The Economics of Innocent Fraud
- First edition
- Author: John Kenneth Galbraith
- Publisher: Houghton Mifflin
- Publication date: 2004

= The Economics of Innocent Fraud =

2004 English-language book by John Kenneth Galbraith

The Economics of Innocent Fraud: Truth for Our Time was Harvard economist John Kenneth Galbraith's final book, published by Houghton Mifflin in 2004. It is a 62-page essay that recapitulates themes—such as the dominance of corporate power in the public sector and the role of advertising in shaping consumer demand—found in earlier works.

== Argument ==

In twelve short chapters, Galbraith summarizes what he takes to be a number of types of 'fraud'—some innocent, some less so—inherent in corporate-dominated economic life at the end of the 20th century. His use of the word fraud is not legalistic, but designates what he sees as the divergence between 'approved belief—what I have elsewhere called conventional wisdom—and the reality' (p. ix).

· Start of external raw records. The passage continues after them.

(* Fix $n<\omega$ and assume that for every finite quasi-order $P$ the quasi-order $i^F_{\omega^n}(P)$ is a well-quasi-order. Then for every quasi-order $Q$ the following hold. (1) Every $\sigma\in s^F_{=\omega^n}(Q)$ either lies in $i^F_{=\omega^n}(Q)$, or can be written as a concatenation $\sigma=\sigma_0+\sigma_1$ with $\sigma_0\in s^F_{\omega^n}(Q)$ and $\sigma_1\in i^F_{=\omega^n}(Q)$. (2) Every $\sigma\in s^F_{\omega^{n+1}}(Q)$ can be written as a finite concatenation $\sigma_0+\sigma_1+\cdots+\sigma_{k-1}$ with $\sigma_i\in i^F_{\omega^{n+1}}(Q)$ for all $i<k$.
   Context: A well-quasi-order is a quasi-order in which every infinite sequence $(x_i)_{i<\omega}$ has $i<j$ with $x_i\le x_j$. Sequences: a transfinite sequence over $Q$ of length $\alpha$ (with $\alpha\ne0$ an ordinal) is a function $\sigma:\alpha\to Q$, and $|\sigma|=\alpha$; the empty sequence is excluded. Define $\sigma\preceq\tau$ if there is a strictly increasing $f:|\sigma|\to|\tau|$ with $\sigma(i)\le_Q\tau(f(i))$ for all $i$. The concatenation $\sigma+\tau$ has length $|\sigma|+|\tau|$: it equals $\sigma(\iota)$ for $\iota<|\sigma|$ and $\tau(-|\sigma|+\iota)$ for $|\sigma|\le\iota<|\sigma|+|\tau|$. Finite range means the sequence takes finitely many values. A proper tail of $\sigma$ is $i\mapsto\sigma(\delta+i)$ for some $0<\delta<|\sigma|$. The sequence $\sigma$ is indecomposable if it embeds into each of its proper tails. Notation: - $s^F_\alpha(Q)$: finite-range sequences of length $<\alpha$; - $i^F_\alpha(Q)$: the indecomposable elements of $s^F_\alpha(Q)$; - $s^F_{=\alpha}(Q)$ and $i^F_{=\alpha}(Q)$: the sequences of length exactly $\alpha$ in $s^F_{\alpha+1}(Q)$ and $i^F_{\alpha+1}(Q)$, respectively. All are ordered by $\preceq$. *)

From mathcomp Require Import all_boot.
From Stdlib Require List.
Set Implicit Arguments. Unset Strict Implicit. Unset Printing Implicit Defensive.

(* An ordinal < omega^omega is represented by the nonincreasing list of
   exponents of its Cantor normal form: [:: e1; ...; ek] stands for
   omega^e1 + ... + omega^ek with e1 >= ... >= ek.  [::] is 0. *)
Definition cnf (a : seq nat) : bool := sorted geq a.

(* strict ordinal order = lexicographic order on CNF lists *)
Fixpoint olt (a b : seq nat) : bool :=
  match a, b with
  | [::], [::] => false
  | [::], _ :: _ => true
  | _ :: _, [::] => false
  | x :: a', y :: b' => (x < y) || ((x == y) && olt a' b')
  end.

The 'frauds' highlighted are:

1. The replacement of the term 'capitalism' with 'the market system' in American economic and political discourse. He calls the latter 'meaningless, erroneous, bland, and benign' and suggests 'the corporate system' as the more accurate modern replacement (p. 8).
2. The belief in consumer sovereignty within the corporate/market system. Consumer consumption, according to Galbraith, is to a large extent controlled and manipulated by corporate management through advertising and other forms of persuasion (p. 13-14).
3. The use of Gross Domestic Product (GDP) as the standard measure of economic and larger social advance. GDP, argues Galbraith, measures only producer-influenced production, to the exclusion of the valuable 'cultural, artistic, educational, and scientific aspects of life' (p. 15).
4. The paradox inherent in the word 'work', which signifies drudgery and boredom for low-paid workers but provides enjoyment and reward for the affluent workers. Similarly, work avoidance in the poor is regarded as unacceptable, but acceptable for those who can afford leisure (pp. 18–21).
5. The illusion that shareholders, stockholders, investors, boards of directors — even owners — are relevant to the large corporate entities that dominate the economy. In fact, claims Galbraith, it is management (corporate bureaucracy) that runs them (pp. 28–31).
6. The distinction between the 'private sector' and the 'public sector' as used by economists, politicians, and commentators. Galbraith believes that large corporate interests and leaders (private sector) have become so embedded within government (public sector) that the distinction cannot be maintained. He cites corporate influence on the Treasury, and defense industry influence in foreign policy, as prime examples (p. 36).
7. The passing off of hopeful economic prediction by experts and commentators as truth, and the related fraud of harsh lay-offs for workers when rosy predictions inevitably turn out to be false (p. 40-42).
8. The illusion that the Federal Reserve, by raising or lowering interest rates, has any effect whatsoever on spurring growth or preventing inflation. This Galbraith calls 'our most prestigious form of fraud, our most elegant escape from reality' (p. 43). According to him, 'only in innocence does it [the Fed] control general consumer and business spending' (p. 47).

In three concluding chapters he makes a case for impartial government oversight of corporate behavior; returns to his theme of corporate dominance in the affairs of the state, particularly in the military and defense, for its own enrichment; and claims that additional tax relief for corporations serves no public good. He ends by drawing an analogy between the failure to redress social hardship through sound economic policy and the dominance of war-making in our economic life. He calls war 'the decisive human failure' (p. 62).